Padu takes into account monthly household expenses, dependents and cost of living according to location, forgoing the former method of income tier classification for financial aid. While this is a feat in itself, many M40s singles with heavy commitments, expressed concerns that they may be ineligible to receive any form of assistance due to the uses of ‘households,’ and ‘dependents.’ With much of the M40 population struggling to stay afloat, amidst the vague descriptions of the Padu programme, eyes are now on the upcoming Budget 2024. Witnessing an allocation of RM393.8 billion, many are hopeful for a more nuanced strategy in helping the M40 group.

Pressures of the M40 Bracket

As the country experiences a surge in living costs from inflation, and external factors like the depreciation of the Ringgit and the Russia-Ukraine war amongst many others, it is without doubt that the M40 group’s struggles are just taking off. Despite the extensive government initiatives to provide housing for low-income families, the M40s often find themselves excluded due to their income levels. 

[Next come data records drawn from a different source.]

(* Let $m,n\in\mathbb{Z}_{>0}$ with $m\ge n$, let $\psi:\mathcal{G}^{(m,n)}\to\mathbb{C}$ be a Whittaker function with $\psi(I_{m+n-1})\psi(J_{m+n-1})\ne0$, and let $W'=\mathrm{Ind}_{\mathcal{G}^{(m,n)}}^{\mathcal{G}^{(m,0)}}\mathbb{C}w_\psi$. Let $w\in W'\setminus\mathbb{C}w_\psi$ and let $\deg(w)=(\mathbf{j},\mathbf{i})$. Then: (1) If $\mathbf{j}\neq\mathbf{0}$ and $r=\min\{k: j_k\neq0\}$, then $\deg\big((H_{m+n-1-r}-\psi(H_{m+n-1-r}))w\big)=(\mathbf{j}-\epsilon_r,\mathbf{i})$. (2) If $\mathbf{j}=\mathbf{0}$, $\mathbf{i}\ne\mathbf{0}$ and $s=\max\{k: i_k\ne0\}$, then $\deg\big((H_{m+n-1-s}-\psi(H_{m+n-1-s}))w\big)=(\mathbf{0},\mathbf{i}-\epsilon_s)$ or $\deg\big((L_{m+n-1-s}-\psi(L_{m+n-1-s}))w\big)=(\mathbf{0},\mathbf{i}-\epsilon_s)$.
   Context: $\mathcal{G}$ is the complex Lie algebra with basis $\{L_n,H_n,I_n,J_n,\mathbf{c}_1,\mathbf{c}_2,\mathbf{c}_3: n\in\mathbb{Z}\}$ whose brackets of basis elements are $[L_m,L_n]=(n-m)L_{m+n}+\frac{m^3-m}{12}\delta_{m+n,0}\mathbf{c}_1$, $[L_m,H_n]=nH_{m+n}+m^2\delta_{m+n,0}\mathbf{c}_2$, $[H_m,H_n]=m\delta_{m+n,0}\mathbf{c}_3$, $[L_m,I_n]=(n-m)I_{m+n}$, $[L_m,J_n]=(n-m)J_{m+n}$, $[H_m,I_n]=I_{m+n}$, $[H_m,J_n]=-J_{m+n}$ (and antisymmetric counterparts), all other brackets of basis elements zero. For $m,n\ge0$, $\mathcal{G}^{(m,n)}=\sum_{i\ge0}(\mathbb{C}L_{m+i}+\mathbb{C}H_{m+i}+\mathbb{C}I_{n+i}+\mathbb{C}J_{n+i})+\sum_{k=1}^3\mathbb{C}\mathbf{c}_k$. A Whittaker function is a Lie homomorphism $\psi:\mathcal{G}^{(m,n)}\to\mathbb{C}$, $\mathbb{C}w_\psi$ the corresponding one-dimensional module, and $W'=\mathcal{U}(\mathcal{G}^{(m,0)})\otimes_{\mathcal{U}(\mathcal{G}^{(m,n)})}\mathbb{C}w_\psi$. Orders and degree: for $l\in\mathbb{Z}_{>0}$, elements of $\mathbb{N}^l$ are written $\mathbf{i}=(i_{l-1},\dots,i_1,i_0)$; $\epsilon_k$ has $1$ in the position of index $k$ and $0$ elsewhere; the weight is $\mathbf{w}(\mathbf{i})=\sum_{k=0}^{l-1}(l-k)i_k$. On $\mathbb{N}^l$, $\mathbf{i}\succ\mathbf{j}$ iff there is $k$ with $i_k>j_k$ and $i_s=j_s$ for all $s<k$. On $\mathbb{N}^l\times\mathbb{N}^l$ define the total order $(\mathbf{j},\mathbf{i})\succ(\mathbf{j}',\mathbf{i}')$ iff either $\mathbf{w}(\mathbf{j})+\mathbf{w}(\mathbf{i})>\mathbf{w}(\mathbf{j}')+\mathbf{w}(\mathbf{i}')$, or these weights are equal and $\mathbf{i}\succ\mathbf{i}'$, or the weights are equal, $\mathbf{i}=\mathbf{i}'$ and $\mathbf{j}\succ\mathbf{j}'$. Take $l=n$ and for $\mathbf{j},\mathbf{i}\in\mathbb{N}^n$ set $J^{\mathbf{j}}I^{\mathbf{i}}=J_{n-1}^{j_{n-1}}\cdots J_0^{j_0}I_{n-1}^{i_{n-1}}\cdots I_0^{i_0}$. By PBW every $w\in W'$ is uniquely $\sum_{\mathbf{j},\mathbf{i}}J^{\mathbf{j}}I^{\mathbf{i}}w_{\mathbf{j},\mathbf{i}}$ with $w_{\mathbf{j},\mathbf{i}}\in\mathbb{C}w_\psi$, finitely many nonzero; for $w\ne0$, $\deg(w)$ is the $\succ$-maximal $(\mathbf{j},\mathbf{i})$ with $w_{\mathbf{j},\mathbf{i}}\ne0$. *)

From HB Require Import structures.
From mathcomp Require Import all_boot all_order all_algebra.
From mathcomp Require Import complex.
From mathcomp Require Import Rstruct.
Set Implicit Arguments. Unset Strict Implicit. Unset Printing Implicit Defensive.
Import Order.TTheory GRing.Theory Num.Theory.
Local Open Scope ring_scope.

As it stands, the biggest expenditure portion of the M40 group is the payment of housing loans and rental, with house prices standing at RM200,000 in the rural areas, going up to RM700,000 in urban areas. However due to the exclusion in government initiatives in securing housing, it results in much of the group into a very limited range of housing options, having to venture into expensive private housing or rental accommodations, two that could intensify their economic squeeze even further. 

This extends further into education options, weighing heavily on the shoulders of the M40. Although there are various forms of aid in the market for students under the B40 category, M40 households are expected to be responsible for most, if not the full tuition for their children’s further studies. Paired with the surge in living costs for basic necessities, reduced housing options and limited payment options for higher education, it seems as though the M40 has nowhere to run. 

Expectations on the Budget 2024

Nevertheless, a situation as grand as the squeeze had taken the limelight for the 2024 Budget, which is expected to be tabled in October 2024. Following statements made by Malaysian United Democratic Alliance (Muda) president, Syed Saddiq that states the Budget 2024 will only sandwich the M40 group’s income further, Datuk Seri Ahmad Zahid Hamidi has refuted the claims and instead stated that the Budget 2024 would benefit the group. 

Focused on empowering citizens to venture toward entrepreneurship, the government aims to prioritise strengthening the middle class and SME to alleviate the burden of rising cost of living. Moreover, targeted subsidies that include Bantuan Awal Persekolahan (Early Schooling Aid) and others are to be introduced. While hope and doubt remains in the air, there’s much anticipation for the Budget readings for the parliament. 

Conclusion

Despite the years, the lingering effects of the pandemic remain within reach, leaving many, including the M40 group, still grappling with its aftermath. Hindered by various obstacles such as limited government support and financial assistance, they face uncertainties regarding the year ahead, placing their hopes on the upcoming fiscal strategy. While only amounting to 40% of the population, the middle-income households are essential for the country’s prosperity, playing a pivotal role in driving economic growth and stability through their spending power. As the nation navigates through economic uncertainties, it is without a doubt that prioritising support for the M40 is imperative not only for the well-being of its members, but also for the nation’s overall trajectory.